(* Let $A$ be a finite alphabet. If the sliding block code $\phi: A^{\mathbb{N}} \to A^{\mathbb{N}}$ is a local homeomorphism that $*$-commutes with the shift map $\sigma$, then $\phi$ is a $k$-fold covering map for some $k\in\mathbb{N}$.
   Context: $A$ is a finite set with the discrete topology; $\mathbb{N}=\{1,2,3,\dots\}$; $A^{\mathbb{N}}$ is the space of one-sided infinite sequences over $A$ with the product topology; $\sigma(x_1x_2x_3\cdots)=x_2x_3\cdots$. A sliding block code is a map $\tau_d: A^{\mathbb{N}}\to A^{\mathbb{N}}$, $\tau_d(x)_i=d(x_i\cdots x_{i+n-1})$, for some $n\in\mathbb{N}$ and function $d:A^n\to A$. A continuous map $f:X\to Y$ is a local homeomorphism if every $x\in X$ has an open neighborhood $U$ such that $f(U)$ is open in $Y$ and $f:U\to f(U)$ is a homeomorphism. Two functions $S,T: X\to X$ $*$-commute if $ST=TS$ and for every $(y,z)$ with $S(y)=T(z)$ there exists a unique $x$ with $T(x)=y$ and $S(x)=z$. For a continuous surjection $p:E\to B$, an open set $U\subseteq B$ is evenly covered if $p^{-1}(U)$ is a union of pairwise disjoint open sets $V_\alpha$ each of which $p$ maps homeomorphically onto $U$; $p$ is a covering map if every point of $B$ has an evenly covered open neighborhood, and a $k$-fold covering map if moreover $|p^{-1}(b)|=k$ for every $b\in B$. *)

From HB Require Import structures.
From mathcomp Require Import all_boot all_order all_algebra.
From mathcomp Require Import all_classical all_reals all_analysis.
Set Implicit Arguments. Unset Strict Implicit. Unset Printing Implicit Defensive.
Local Open Scope classical_set_scope.

(* The full one-sided shift space A^N over a finite alphabet A:
   sequences indexed by nat (= {0,1,2,...}, a harmless reindexing of {1,2,...}),
   A carrying the discrete topology and A^N the product topology
   (topology of pointwise convergence). *)
Definition shift_space (A : finType) := {ptws nat -> discrete_topology A}.

Definition shift_map (A : finType) (x : shift_space A) : shift_space A :=
  fun i => x i.+1.

Definition sliding_block_code (A : finType) (phi : shift_space A -> shift_space A) :=
  exists n : nat, (0 < n)%N /\ exists d : ('I_n -> A) -> A,
    forall (x : shift_space A) (i : nat), phi x i = d (fun j : 'I_n => x (i + j)%N).

Definition star_commute (X : Type) (S T : X -> X) :=
  (forall x, S (T x) = T (S x)) /\
  (forall y z, S y = T z -> exists! x, T x = y /\ S x = z).

Definition homeo_on (X Y : topologicalType) (f : X -> Y) (U : set X) (V : set Y) :=
  set_bij U V f /\
  exists g : Y -> X,
    (forall x, U x -> g (f x) = x) /\ (forall y, V y -> f (g y) = y) /\
    {within U, continuous f} /\ {within V, continuous g}.

Definition local_homeomorphism (X Y : topologicalType) (f : X -> Y) :=
  continuous f /\
  forall x, exists U : set X,
    [/\ open U, U x, open (f @` U) & homeo_on f U (f @` U)].

Definition evenly_covered (E B : topologicalType) (p : E -> B) (U : set B) :=
  open U /\
  exists (I : Type) (V : I -> set E),
    [/\ (forall i, open (V i)),
        (forall i j, i <> j -> V i `&` V j = set0),
        p @^-1` U = \bigcup_(i in [set: I]) V i &
        (forall i, homeo_on p (V i) U)].

Definition covering_map (E B : topologicalType) (p : E -> B) :=
  [/\ continuous p, (forall b : B, exists e : E, p e = b) &
      forall b, exists U : set B, U b /\ evenly_covered p U].

Definition k_fold_covering (E B : topologicalType) (p : E -> B) (k : nat) :=
  covering_map p /\ forall b : B, (p @^-1` [set b] #= `I_k)%card.

(* A local homeomorphism of the compact space A^N is injective on every cylinder of some
   fixed length M (König's lemma), so each fibre is in bijection with the finite set of
   length-M prefixes of its points, and small cylinders around a point lift uniquely
   through phi. The *-commutation with the shift makes sigma a bijection from the fibre
   over b onto the fibre over sigma b, so fibre sizes are shift-invariant. Combining this
   with the lifting property, which only lets fibres grow under small perturbations of
   the base point, any b' can be reached by shifting a point near b: all fibres have the
   same size k, and the cylinder sheets around the fibre points evenly cover a cylinder
   around b. *)

From HB Require Import structures.
From mathcomp Require Import all_boot all_order all_algebra.
From mathcomp Require Import all_classical all_reals all_analysis.
Set Implicit Arguments. Unset Strict Implicit. Unset Printing Implicit Defensive.
Local Open Scope classical_set_scope.

Lemma card_eq_set_bij (T U : Type) (B : set T) (C : set U) (f : T -> U) :
  set_bij B C f -> (B #= C)%card.
Proof.
move=> fB; have [g] : $|{bij B >-> C}| by apply/bijPex; exists f.
exact: pcard_eq g.
Qed.

Section Cylinders.
Variable A : finType.
Local Notation X := (shift_space A).

Definition agree (n : nat) (x y : X) := forall i, (i < n)%N -> x i = y i.

Lemma agree_sym n x y : agree n x y -> agree n y x.
Proof. by move=> xy i lt_in; rewrite xy. Qed.

Lemma agree_trans n x y z : agree n x y -> agree n y z -> agree n x z.
Proof. by move=> xy yz i lt_in; rewrite xy ?yz. Qed.

Lemma agreeW m n x y : (m <= n)%N -> agree n x y -> agree m x y.
Proof. by move=> le_mn xy i lt_im; apply: xy; apply: leq_trans le_mn. Qed.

....................

Copy out each line of the listing that contains the word "sigma".

(* Let $A$ be a finite alphabet. If the sliding block code $\phi: A^{\mathbb{N}} \to A^{\mathbb{N}}$ is a local homeomorphism that $*$-commutes with the shift map $\sigma$, then $\phi$ is a $k$-fold covering map for some $k\in\mathbb{N}$.
   Context: $A$ is a finite set with the discrete topology; $\mathbb{N}=\{1,2,3,\dots\}$; $A^{\mathbb{N}}$ is the space of one-sided infinite sequences over $A$ with the product topology; $\sigma(x_1x_2x_3\cdots)=x_2x_3\cdots$. A sliding block code is a map $\tau_d: A^{\mathbb{N}}\to A^{\mathbb{N}}$, $\tau_d(x)_i=d(x_i\cdots x_{i+n-1})$, for some $n\in\mathbb{N}$ and function $d:A^n\to A$. A continuous map $f:X\to Y$ is a local homeomorphism if every $x\in X$ has an open neighborhood $U$ such that $f(U)$ is open in $Y$ and $f:U\to f(U)$ is a homeomorphism. Two functions $S,T: X\to X$ $*$-commute if $ST=TS$ and for every $(y,z)$ with $S(y)=T(z)$ there exists a unique $x$ with $T(x)=y$ and $S(x)=z$. For a continuous surjection $p:E\to B$, an open set $U\subseteq B$ is evenly covered if $p^{-1}(U)$ is a union of pairwise disjoint open sets $V_\alpha$ each of which $p$ maps homeomorphically onto $U$; $p$ is a covering map if every point of $B$ has an evenly covered open neighborhood, and a $k$-fold covering map if moreover $|p^{-1}(b)|=k$ for every $b\in B$. *)
   through phi. The *-commutation with the shift makes sigma a bijection from the fibre
   over b onto the fibre over sigma b, so fibre sizes are shift-invariant. Combining this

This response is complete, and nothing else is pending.